# SUPPLIED RECORDS

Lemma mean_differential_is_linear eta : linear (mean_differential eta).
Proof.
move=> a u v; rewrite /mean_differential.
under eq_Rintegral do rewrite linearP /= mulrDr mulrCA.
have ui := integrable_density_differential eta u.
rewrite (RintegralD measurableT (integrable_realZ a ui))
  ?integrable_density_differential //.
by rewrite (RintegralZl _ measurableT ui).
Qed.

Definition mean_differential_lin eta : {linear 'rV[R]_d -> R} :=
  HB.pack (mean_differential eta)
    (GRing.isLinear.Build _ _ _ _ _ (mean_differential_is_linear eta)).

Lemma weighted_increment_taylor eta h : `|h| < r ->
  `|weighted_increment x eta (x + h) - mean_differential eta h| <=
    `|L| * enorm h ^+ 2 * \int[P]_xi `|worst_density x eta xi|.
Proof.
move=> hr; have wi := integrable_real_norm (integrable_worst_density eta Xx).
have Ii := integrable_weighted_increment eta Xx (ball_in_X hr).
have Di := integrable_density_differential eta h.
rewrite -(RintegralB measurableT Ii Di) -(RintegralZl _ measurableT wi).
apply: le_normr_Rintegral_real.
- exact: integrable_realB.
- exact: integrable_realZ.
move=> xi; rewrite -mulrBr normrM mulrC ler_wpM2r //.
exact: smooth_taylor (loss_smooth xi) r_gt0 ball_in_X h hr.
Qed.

---

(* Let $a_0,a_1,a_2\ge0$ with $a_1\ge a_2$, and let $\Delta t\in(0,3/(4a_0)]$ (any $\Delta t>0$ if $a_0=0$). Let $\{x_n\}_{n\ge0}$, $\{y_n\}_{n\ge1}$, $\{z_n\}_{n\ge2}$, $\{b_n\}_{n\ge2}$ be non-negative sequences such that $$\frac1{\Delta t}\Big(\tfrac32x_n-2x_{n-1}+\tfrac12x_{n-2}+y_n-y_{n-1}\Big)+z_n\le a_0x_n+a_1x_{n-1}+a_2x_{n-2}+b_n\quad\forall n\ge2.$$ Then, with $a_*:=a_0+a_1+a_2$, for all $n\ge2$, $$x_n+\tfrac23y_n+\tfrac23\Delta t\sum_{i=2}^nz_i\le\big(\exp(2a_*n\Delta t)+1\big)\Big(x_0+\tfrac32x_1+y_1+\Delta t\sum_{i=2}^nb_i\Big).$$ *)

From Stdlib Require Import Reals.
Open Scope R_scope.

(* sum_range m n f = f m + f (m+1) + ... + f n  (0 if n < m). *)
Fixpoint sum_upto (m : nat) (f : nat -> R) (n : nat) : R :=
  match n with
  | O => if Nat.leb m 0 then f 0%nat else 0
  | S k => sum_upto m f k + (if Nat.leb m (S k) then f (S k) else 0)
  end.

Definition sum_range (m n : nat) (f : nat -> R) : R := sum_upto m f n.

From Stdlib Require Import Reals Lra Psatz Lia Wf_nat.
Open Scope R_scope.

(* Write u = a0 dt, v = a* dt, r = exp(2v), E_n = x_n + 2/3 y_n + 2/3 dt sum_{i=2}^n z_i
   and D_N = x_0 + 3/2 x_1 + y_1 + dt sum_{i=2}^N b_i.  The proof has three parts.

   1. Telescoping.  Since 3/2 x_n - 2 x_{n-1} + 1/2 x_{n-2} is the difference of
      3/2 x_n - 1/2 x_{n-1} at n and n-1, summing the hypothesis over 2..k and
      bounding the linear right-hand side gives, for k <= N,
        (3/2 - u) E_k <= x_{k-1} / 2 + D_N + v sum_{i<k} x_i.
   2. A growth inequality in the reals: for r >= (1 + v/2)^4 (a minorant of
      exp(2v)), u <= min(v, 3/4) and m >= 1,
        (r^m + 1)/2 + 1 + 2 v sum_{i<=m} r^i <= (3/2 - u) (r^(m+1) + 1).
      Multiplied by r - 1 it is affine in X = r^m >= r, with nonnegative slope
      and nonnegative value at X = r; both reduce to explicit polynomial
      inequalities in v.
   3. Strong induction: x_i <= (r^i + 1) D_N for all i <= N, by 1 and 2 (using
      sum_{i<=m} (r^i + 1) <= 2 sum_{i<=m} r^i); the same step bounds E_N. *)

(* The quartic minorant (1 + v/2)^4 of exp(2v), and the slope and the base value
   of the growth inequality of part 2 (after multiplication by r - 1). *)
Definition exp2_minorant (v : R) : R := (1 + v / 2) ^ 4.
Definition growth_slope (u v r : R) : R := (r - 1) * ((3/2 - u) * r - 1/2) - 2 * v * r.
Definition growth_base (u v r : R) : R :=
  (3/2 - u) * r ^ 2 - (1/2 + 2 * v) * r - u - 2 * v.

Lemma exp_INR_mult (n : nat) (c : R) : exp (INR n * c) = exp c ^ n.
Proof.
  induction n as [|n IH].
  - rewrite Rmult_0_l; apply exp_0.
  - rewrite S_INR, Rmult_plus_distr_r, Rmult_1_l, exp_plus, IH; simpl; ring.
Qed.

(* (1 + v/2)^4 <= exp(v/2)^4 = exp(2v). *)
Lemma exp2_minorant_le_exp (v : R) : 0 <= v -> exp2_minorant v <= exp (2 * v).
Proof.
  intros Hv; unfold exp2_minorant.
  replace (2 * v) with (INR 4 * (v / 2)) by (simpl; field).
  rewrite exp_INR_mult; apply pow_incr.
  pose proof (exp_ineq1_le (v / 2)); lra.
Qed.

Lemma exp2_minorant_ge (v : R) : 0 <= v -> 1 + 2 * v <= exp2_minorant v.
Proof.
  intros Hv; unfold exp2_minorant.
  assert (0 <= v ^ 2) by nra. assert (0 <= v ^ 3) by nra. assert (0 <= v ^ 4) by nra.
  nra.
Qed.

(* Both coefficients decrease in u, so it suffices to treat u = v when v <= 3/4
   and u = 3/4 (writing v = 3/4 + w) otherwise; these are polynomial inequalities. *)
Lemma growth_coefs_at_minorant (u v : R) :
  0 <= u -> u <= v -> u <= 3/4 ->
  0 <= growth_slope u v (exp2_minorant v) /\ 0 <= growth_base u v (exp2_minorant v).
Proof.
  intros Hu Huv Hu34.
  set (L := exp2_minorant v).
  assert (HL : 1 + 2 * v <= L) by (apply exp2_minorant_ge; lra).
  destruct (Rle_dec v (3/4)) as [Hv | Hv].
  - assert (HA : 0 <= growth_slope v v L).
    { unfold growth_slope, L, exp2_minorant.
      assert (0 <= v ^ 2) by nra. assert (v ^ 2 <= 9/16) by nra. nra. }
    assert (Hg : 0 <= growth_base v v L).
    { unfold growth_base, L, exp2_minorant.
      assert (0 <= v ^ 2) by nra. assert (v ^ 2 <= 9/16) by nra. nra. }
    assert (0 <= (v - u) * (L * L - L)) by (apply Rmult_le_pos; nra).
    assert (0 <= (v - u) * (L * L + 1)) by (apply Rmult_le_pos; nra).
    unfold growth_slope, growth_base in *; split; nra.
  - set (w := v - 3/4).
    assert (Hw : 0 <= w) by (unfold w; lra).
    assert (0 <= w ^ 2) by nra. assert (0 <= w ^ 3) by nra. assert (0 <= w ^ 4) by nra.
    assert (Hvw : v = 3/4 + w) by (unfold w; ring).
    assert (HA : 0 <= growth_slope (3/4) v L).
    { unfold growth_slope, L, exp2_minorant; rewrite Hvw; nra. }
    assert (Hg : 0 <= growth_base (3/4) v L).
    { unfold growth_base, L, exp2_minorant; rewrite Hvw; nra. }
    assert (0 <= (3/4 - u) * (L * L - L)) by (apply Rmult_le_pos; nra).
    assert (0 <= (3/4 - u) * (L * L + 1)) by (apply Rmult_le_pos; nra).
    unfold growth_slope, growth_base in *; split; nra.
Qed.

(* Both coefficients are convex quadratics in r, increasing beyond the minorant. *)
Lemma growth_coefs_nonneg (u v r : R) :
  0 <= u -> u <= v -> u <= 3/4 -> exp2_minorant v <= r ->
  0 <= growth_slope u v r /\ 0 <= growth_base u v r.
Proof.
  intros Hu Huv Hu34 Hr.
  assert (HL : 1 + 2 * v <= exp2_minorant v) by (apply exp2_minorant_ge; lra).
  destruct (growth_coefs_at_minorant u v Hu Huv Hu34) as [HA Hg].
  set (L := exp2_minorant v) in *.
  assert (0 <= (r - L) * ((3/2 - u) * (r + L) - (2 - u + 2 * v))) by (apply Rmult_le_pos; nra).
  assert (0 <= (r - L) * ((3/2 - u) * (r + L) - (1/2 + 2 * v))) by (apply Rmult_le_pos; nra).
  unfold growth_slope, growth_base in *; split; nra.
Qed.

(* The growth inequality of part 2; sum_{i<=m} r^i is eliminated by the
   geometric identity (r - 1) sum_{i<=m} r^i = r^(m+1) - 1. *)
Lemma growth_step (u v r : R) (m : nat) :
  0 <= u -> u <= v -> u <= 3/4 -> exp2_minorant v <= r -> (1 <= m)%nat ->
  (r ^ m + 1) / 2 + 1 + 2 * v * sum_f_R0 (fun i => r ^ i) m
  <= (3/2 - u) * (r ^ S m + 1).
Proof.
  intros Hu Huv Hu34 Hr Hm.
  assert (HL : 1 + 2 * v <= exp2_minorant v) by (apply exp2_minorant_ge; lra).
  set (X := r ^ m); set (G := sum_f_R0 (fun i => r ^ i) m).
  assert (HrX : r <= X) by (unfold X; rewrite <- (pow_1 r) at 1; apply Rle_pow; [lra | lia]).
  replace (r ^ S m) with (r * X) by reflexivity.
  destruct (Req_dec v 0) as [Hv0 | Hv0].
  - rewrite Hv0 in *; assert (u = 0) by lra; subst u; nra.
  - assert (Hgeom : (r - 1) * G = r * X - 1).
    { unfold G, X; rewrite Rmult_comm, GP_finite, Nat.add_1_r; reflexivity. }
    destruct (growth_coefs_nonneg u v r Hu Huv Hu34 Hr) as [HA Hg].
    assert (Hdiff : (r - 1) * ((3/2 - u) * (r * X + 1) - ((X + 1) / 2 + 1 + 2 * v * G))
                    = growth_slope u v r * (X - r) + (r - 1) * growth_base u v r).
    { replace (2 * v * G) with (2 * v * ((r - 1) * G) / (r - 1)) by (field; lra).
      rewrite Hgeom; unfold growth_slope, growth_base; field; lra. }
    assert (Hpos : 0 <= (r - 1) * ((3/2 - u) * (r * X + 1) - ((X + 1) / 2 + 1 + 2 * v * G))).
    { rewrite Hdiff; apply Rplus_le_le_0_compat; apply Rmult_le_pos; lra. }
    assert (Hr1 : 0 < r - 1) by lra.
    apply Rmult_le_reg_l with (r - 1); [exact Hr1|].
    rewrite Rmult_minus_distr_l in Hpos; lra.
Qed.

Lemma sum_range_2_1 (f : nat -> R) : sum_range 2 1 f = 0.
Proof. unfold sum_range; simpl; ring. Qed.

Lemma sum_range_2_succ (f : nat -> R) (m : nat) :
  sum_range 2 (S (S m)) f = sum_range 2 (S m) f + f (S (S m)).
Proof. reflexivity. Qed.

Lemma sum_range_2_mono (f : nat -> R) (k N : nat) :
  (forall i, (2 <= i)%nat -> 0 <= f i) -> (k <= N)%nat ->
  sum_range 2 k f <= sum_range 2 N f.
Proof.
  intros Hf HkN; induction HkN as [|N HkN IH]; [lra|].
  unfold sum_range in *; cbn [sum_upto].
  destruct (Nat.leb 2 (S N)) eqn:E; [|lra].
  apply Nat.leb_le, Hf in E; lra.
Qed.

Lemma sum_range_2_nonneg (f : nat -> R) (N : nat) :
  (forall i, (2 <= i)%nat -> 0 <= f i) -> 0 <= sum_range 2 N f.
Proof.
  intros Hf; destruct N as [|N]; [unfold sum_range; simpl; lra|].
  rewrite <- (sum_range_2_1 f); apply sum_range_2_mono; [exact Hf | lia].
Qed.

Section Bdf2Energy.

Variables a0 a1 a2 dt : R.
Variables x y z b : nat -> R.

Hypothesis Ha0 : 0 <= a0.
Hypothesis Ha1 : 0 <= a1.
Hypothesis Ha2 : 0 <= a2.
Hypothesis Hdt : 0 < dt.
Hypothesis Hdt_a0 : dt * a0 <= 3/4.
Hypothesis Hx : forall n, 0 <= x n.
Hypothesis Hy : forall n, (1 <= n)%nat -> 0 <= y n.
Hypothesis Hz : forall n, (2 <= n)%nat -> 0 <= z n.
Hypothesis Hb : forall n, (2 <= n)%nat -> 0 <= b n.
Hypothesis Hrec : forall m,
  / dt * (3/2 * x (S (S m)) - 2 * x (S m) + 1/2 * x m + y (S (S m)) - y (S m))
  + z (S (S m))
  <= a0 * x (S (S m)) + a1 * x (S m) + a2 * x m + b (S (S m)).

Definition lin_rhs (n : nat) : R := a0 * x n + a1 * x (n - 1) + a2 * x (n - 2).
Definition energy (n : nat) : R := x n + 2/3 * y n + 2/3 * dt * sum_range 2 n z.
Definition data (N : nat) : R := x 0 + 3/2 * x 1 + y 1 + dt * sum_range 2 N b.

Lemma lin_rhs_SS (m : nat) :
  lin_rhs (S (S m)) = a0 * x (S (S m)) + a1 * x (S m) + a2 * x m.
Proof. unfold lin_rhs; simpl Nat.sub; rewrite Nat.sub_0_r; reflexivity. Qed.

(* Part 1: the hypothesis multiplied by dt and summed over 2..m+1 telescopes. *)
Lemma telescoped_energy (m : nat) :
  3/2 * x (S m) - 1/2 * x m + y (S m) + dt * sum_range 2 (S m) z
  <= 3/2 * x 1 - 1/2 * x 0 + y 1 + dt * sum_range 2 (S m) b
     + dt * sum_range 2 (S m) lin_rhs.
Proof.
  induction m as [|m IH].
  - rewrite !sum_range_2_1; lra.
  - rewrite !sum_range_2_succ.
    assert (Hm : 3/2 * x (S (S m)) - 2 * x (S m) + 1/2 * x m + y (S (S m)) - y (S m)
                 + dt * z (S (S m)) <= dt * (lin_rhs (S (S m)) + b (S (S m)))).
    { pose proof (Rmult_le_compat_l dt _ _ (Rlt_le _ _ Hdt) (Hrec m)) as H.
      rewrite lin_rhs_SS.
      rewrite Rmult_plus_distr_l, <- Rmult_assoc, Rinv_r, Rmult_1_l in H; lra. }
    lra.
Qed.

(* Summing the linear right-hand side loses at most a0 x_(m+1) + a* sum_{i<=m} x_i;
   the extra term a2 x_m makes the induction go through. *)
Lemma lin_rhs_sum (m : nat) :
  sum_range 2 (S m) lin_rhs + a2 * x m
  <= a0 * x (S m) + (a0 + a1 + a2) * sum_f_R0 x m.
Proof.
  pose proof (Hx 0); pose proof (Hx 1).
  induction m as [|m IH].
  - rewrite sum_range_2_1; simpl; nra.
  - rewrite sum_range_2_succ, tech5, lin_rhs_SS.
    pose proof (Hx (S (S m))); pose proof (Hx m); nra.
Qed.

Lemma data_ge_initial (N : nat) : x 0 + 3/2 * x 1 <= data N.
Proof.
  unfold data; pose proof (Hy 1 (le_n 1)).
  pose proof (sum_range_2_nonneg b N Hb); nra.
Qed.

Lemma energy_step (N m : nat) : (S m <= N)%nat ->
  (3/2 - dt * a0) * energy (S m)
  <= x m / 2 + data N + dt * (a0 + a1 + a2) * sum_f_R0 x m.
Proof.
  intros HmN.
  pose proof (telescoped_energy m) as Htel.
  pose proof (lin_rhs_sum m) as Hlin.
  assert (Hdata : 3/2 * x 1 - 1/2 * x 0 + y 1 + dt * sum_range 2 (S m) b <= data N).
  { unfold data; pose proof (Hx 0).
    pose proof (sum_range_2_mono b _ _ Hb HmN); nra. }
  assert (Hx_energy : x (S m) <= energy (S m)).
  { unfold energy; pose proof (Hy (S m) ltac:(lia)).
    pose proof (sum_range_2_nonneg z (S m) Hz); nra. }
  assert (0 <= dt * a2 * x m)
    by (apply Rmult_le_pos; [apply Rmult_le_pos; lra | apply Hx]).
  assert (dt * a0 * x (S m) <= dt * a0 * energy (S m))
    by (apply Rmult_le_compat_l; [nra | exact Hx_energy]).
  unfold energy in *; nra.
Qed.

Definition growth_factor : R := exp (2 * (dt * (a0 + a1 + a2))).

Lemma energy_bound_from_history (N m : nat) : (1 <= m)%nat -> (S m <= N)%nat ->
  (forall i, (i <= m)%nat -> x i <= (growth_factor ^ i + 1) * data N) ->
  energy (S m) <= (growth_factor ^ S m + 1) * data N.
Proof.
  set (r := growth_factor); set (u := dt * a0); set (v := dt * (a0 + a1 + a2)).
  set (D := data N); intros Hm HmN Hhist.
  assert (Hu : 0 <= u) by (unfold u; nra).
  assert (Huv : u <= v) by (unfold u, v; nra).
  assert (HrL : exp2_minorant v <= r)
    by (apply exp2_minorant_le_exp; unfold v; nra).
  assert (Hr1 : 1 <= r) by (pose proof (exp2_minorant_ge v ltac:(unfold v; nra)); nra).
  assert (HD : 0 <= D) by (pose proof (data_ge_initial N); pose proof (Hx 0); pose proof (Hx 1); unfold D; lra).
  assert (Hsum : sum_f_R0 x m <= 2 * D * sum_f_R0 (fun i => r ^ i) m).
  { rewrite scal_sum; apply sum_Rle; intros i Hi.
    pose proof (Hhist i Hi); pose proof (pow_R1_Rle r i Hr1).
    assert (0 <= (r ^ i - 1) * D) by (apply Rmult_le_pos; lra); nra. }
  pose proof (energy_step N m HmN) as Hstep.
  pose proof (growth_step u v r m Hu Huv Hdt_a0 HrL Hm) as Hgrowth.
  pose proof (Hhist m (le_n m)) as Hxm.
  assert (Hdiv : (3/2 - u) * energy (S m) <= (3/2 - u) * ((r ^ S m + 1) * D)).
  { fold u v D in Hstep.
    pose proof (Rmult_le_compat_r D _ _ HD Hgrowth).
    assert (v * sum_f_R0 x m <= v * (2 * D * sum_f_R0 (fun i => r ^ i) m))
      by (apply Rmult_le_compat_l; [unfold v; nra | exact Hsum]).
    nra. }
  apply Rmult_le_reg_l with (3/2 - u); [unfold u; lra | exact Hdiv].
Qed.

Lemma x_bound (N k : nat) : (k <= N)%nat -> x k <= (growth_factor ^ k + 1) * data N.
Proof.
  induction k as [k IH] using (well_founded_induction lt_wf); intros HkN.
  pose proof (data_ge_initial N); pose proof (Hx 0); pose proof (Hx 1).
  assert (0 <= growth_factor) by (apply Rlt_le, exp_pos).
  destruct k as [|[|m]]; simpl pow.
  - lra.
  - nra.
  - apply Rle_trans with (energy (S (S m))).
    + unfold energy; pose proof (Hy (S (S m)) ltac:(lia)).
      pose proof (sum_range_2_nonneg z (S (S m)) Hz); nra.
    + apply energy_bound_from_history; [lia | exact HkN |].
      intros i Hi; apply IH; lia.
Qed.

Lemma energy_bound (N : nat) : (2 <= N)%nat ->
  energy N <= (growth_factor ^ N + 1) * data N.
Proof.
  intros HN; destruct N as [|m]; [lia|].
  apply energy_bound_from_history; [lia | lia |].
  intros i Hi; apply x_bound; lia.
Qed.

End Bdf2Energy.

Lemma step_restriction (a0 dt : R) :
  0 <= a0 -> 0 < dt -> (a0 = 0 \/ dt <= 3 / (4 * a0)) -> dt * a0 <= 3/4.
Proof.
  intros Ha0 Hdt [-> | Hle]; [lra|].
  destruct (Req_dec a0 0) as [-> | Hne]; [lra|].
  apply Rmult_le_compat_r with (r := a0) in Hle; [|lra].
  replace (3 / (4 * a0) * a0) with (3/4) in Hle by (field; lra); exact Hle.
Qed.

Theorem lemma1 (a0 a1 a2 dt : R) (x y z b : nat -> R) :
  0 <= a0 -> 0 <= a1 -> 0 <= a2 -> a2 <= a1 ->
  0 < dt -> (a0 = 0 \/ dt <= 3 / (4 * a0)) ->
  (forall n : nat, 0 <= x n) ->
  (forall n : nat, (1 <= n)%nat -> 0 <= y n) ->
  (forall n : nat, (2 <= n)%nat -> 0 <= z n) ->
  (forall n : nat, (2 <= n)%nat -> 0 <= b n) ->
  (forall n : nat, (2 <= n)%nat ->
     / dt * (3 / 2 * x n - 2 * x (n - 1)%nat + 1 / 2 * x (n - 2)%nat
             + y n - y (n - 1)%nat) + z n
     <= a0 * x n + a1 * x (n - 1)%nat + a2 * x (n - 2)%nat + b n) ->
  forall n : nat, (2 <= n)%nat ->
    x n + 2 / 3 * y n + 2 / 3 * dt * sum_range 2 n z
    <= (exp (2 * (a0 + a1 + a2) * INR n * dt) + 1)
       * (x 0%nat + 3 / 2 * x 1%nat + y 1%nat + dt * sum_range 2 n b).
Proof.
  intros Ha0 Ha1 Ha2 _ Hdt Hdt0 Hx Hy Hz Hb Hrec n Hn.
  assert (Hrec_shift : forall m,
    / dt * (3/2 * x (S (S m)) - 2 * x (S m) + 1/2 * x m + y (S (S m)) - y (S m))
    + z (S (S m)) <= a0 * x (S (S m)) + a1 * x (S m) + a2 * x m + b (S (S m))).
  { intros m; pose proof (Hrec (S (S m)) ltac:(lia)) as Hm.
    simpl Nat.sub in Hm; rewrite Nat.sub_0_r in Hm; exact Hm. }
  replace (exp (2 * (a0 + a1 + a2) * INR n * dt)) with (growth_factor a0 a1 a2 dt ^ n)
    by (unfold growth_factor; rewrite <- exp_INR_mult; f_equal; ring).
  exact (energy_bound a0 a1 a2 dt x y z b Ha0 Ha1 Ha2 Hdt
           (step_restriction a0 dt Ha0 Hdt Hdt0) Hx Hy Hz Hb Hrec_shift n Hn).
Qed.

# INSTRUCTIONS FOR THE TASK
Take the stretch of lines above from the one containing "Lemma mean_differential_is_linear eta" through the one containing "rewrite (RintegralD measurableT" and repeat it exactly, adding no other line.

# OUTPUT FOR THIS EXERCISE
Lemma mean_differential_is_linear eta : linear (mean_differential eta).
Proof.
move=> a u v; rewrite /mean_differential.
under eq_Rintegral do rewrite linearP /= mulrDr mulrCA.
have ui := integrable_density_differential eta u.
rewrite (RintegralD measurableT (integrable_realZ a ui))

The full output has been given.